[What you have to do]
Return exactly the lines below, starting with the one that has "have low x y" and going on through the one that has "have nonedge x".

[Supplied records]
· · · · · · ·

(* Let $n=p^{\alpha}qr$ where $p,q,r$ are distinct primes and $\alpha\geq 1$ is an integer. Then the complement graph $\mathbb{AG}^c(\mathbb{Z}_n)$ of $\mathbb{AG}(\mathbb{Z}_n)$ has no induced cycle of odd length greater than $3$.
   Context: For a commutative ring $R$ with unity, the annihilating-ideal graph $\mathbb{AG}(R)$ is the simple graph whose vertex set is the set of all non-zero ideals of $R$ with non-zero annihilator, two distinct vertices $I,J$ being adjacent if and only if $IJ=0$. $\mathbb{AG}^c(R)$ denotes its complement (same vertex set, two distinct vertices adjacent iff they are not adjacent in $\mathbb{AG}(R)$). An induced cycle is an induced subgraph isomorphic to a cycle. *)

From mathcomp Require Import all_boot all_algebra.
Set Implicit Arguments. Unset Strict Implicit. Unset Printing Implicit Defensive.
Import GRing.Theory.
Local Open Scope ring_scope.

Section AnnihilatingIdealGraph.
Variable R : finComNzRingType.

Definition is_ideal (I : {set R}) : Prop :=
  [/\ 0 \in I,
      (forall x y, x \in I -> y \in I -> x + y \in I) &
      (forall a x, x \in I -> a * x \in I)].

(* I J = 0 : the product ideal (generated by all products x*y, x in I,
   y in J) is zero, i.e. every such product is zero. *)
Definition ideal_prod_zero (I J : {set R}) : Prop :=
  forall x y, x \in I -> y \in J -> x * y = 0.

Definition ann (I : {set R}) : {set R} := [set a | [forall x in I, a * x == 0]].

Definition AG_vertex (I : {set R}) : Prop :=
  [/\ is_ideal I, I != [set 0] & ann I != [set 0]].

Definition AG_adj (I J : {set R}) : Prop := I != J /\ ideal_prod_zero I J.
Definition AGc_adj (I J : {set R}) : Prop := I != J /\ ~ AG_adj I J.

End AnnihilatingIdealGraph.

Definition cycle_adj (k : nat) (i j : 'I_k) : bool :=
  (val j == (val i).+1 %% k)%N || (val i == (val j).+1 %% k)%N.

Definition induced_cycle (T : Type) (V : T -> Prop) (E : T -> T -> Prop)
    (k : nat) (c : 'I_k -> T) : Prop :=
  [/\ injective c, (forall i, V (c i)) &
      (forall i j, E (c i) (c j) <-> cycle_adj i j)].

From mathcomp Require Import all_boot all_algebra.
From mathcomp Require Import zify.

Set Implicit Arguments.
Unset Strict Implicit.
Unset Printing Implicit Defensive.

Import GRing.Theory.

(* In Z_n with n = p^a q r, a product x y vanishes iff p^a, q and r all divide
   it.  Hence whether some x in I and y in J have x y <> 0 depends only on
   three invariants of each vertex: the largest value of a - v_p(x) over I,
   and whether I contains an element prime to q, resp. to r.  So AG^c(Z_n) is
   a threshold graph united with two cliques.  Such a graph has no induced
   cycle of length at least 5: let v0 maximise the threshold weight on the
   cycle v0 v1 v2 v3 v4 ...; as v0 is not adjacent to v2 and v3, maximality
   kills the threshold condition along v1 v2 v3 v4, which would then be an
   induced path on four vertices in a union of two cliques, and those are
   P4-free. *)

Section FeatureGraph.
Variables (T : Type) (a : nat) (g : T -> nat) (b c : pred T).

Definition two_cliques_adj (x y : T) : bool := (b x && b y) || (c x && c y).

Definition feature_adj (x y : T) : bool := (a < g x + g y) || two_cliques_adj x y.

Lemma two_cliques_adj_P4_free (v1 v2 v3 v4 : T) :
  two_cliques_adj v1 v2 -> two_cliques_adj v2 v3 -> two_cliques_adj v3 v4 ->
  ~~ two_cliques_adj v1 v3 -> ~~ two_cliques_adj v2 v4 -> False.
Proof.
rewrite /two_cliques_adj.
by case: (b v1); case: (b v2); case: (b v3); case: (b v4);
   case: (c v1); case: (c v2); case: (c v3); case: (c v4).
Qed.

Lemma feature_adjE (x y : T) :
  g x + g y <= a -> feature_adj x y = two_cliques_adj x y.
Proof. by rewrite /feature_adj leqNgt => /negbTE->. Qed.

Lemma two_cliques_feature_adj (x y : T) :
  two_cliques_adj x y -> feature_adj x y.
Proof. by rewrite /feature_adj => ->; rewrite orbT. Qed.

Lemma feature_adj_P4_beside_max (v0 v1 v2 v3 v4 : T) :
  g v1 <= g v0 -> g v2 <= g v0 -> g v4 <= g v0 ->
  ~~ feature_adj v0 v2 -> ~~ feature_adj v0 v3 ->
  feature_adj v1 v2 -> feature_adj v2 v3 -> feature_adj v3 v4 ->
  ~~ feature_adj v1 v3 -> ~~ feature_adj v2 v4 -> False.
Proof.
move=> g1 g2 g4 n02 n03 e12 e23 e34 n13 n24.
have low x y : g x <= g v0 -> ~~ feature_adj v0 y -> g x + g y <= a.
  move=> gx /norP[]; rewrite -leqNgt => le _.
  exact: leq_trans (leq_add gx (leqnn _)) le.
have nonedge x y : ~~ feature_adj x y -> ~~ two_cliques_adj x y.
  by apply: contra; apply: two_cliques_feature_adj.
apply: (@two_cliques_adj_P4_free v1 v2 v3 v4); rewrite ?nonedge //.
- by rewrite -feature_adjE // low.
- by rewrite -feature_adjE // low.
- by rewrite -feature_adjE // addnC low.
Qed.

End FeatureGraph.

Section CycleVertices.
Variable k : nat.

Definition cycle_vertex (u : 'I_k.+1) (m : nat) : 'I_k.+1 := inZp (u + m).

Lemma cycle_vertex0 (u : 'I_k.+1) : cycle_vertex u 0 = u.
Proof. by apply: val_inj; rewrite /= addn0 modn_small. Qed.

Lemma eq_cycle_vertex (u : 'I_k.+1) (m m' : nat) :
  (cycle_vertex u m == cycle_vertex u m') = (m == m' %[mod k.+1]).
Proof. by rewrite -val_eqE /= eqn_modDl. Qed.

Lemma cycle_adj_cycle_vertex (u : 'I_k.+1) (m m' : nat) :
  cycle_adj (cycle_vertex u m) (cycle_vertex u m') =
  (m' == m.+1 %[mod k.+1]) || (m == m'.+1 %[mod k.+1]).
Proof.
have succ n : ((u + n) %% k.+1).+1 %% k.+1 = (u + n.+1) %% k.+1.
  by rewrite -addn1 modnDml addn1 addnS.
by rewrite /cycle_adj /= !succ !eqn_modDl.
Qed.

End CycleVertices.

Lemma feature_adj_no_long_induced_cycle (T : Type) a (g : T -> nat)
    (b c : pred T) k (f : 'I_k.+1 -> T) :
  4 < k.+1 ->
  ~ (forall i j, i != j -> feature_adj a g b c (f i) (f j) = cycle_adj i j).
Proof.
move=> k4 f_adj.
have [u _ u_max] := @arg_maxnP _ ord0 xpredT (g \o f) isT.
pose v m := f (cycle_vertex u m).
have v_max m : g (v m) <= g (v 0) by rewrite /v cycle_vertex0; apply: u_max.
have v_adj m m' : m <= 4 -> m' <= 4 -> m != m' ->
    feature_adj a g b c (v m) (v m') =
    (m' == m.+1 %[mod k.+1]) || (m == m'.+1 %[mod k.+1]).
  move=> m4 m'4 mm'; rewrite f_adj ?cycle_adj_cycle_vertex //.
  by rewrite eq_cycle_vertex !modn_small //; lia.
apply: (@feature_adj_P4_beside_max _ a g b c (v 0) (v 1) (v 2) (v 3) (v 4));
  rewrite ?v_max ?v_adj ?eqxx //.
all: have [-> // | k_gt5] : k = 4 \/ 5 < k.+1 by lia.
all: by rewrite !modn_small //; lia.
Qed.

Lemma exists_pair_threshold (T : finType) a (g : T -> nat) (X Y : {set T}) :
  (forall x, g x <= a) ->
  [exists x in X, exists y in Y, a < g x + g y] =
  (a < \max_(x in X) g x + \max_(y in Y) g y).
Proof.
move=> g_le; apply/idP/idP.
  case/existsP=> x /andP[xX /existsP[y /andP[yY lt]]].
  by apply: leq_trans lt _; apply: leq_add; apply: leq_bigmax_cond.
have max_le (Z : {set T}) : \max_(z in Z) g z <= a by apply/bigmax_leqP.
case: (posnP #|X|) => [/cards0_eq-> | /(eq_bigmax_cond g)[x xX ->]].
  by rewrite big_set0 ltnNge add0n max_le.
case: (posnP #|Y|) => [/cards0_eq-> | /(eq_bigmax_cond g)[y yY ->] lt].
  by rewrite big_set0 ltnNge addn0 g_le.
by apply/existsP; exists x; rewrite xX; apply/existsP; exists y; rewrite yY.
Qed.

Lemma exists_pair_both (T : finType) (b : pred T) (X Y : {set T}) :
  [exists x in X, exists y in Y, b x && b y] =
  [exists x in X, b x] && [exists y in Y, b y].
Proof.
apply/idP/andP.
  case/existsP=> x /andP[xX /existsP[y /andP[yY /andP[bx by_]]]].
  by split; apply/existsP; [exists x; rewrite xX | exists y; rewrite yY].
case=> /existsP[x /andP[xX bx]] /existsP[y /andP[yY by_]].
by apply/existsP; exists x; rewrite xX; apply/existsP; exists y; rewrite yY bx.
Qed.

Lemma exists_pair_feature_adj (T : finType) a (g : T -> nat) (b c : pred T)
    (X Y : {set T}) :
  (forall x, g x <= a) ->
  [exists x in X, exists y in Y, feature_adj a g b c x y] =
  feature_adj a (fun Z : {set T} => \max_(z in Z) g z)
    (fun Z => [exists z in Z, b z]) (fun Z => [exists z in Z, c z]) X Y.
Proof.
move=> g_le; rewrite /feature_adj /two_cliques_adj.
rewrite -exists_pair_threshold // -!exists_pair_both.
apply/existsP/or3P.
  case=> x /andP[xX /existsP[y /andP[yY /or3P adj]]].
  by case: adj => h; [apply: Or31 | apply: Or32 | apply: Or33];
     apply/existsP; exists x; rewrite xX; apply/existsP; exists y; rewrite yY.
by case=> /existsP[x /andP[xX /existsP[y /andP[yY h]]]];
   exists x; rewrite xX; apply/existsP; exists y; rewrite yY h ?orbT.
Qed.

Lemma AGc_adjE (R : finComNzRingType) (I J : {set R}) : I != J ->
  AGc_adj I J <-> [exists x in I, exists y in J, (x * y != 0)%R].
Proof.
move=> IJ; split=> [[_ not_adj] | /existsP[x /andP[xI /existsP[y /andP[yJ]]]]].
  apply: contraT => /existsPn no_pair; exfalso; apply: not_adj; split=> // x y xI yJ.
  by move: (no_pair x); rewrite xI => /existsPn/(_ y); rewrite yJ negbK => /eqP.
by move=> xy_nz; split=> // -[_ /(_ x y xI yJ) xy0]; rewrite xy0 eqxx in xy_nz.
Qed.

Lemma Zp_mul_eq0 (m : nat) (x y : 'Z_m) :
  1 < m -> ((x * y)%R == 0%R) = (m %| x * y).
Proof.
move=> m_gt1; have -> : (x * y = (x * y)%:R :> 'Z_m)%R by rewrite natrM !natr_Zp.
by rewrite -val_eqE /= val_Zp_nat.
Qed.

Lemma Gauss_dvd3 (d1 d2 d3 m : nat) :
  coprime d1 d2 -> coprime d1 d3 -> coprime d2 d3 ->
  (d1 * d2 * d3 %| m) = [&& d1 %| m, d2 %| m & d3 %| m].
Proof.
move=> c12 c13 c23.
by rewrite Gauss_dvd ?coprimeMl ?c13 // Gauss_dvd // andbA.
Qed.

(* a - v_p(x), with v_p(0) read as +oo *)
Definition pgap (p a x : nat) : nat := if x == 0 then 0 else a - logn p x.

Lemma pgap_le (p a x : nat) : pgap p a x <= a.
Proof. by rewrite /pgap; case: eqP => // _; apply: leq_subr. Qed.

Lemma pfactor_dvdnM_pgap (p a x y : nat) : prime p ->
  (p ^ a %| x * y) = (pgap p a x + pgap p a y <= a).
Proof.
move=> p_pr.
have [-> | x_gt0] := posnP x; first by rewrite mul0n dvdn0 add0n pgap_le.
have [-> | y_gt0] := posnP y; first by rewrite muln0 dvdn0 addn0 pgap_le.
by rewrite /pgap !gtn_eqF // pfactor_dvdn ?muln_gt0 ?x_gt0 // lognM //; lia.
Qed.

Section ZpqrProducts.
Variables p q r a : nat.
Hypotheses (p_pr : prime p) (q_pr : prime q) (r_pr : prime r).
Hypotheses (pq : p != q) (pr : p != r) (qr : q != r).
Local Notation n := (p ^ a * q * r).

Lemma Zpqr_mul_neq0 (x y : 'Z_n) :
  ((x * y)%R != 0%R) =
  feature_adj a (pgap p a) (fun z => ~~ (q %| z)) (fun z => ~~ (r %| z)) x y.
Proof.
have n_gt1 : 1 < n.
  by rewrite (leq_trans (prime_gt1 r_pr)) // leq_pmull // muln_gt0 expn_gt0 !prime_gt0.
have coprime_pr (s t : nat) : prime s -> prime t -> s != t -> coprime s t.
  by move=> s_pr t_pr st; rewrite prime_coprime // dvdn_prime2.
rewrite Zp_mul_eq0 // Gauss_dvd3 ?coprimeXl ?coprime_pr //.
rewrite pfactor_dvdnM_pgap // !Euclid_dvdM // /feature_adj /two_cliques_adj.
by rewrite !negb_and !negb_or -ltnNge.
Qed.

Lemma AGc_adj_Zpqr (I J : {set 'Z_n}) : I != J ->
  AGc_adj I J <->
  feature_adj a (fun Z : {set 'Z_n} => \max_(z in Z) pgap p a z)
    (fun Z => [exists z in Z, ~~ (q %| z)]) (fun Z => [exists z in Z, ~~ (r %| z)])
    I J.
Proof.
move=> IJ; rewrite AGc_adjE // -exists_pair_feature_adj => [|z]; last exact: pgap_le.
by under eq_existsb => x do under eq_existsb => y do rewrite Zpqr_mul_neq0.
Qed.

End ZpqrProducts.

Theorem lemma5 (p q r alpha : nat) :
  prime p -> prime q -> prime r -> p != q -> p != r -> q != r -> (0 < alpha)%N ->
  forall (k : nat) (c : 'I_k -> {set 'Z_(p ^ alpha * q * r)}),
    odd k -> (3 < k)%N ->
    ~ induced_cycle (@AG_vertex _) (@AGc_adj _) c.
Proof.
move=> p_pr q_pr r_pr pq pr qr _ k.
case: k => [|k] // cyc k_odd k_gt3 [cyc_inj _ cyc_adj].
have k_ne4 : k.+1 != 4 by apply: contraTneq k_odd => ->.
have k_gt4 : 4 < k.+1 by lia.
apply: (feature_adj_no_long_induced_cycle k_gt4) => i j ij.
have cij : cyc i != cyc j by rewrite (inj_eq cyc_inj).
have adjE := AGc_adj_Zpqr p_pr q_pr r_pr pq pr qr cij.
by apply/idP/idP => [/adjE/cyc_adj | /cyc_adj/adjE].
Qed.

· · · · · · ·

[Task solution]
have low x y : g x <= g v0 -> ~~ feature_adj v0 y -> g x + g y <= a.
  move=> gx /norP[]; rewrite -leqNgt => le _.
  exact: leq_trans (leq_add gx (leqnn _)) le.
have nonedge x y : ~~ feature_adj x y -> ~~ two_cliques_adj x y.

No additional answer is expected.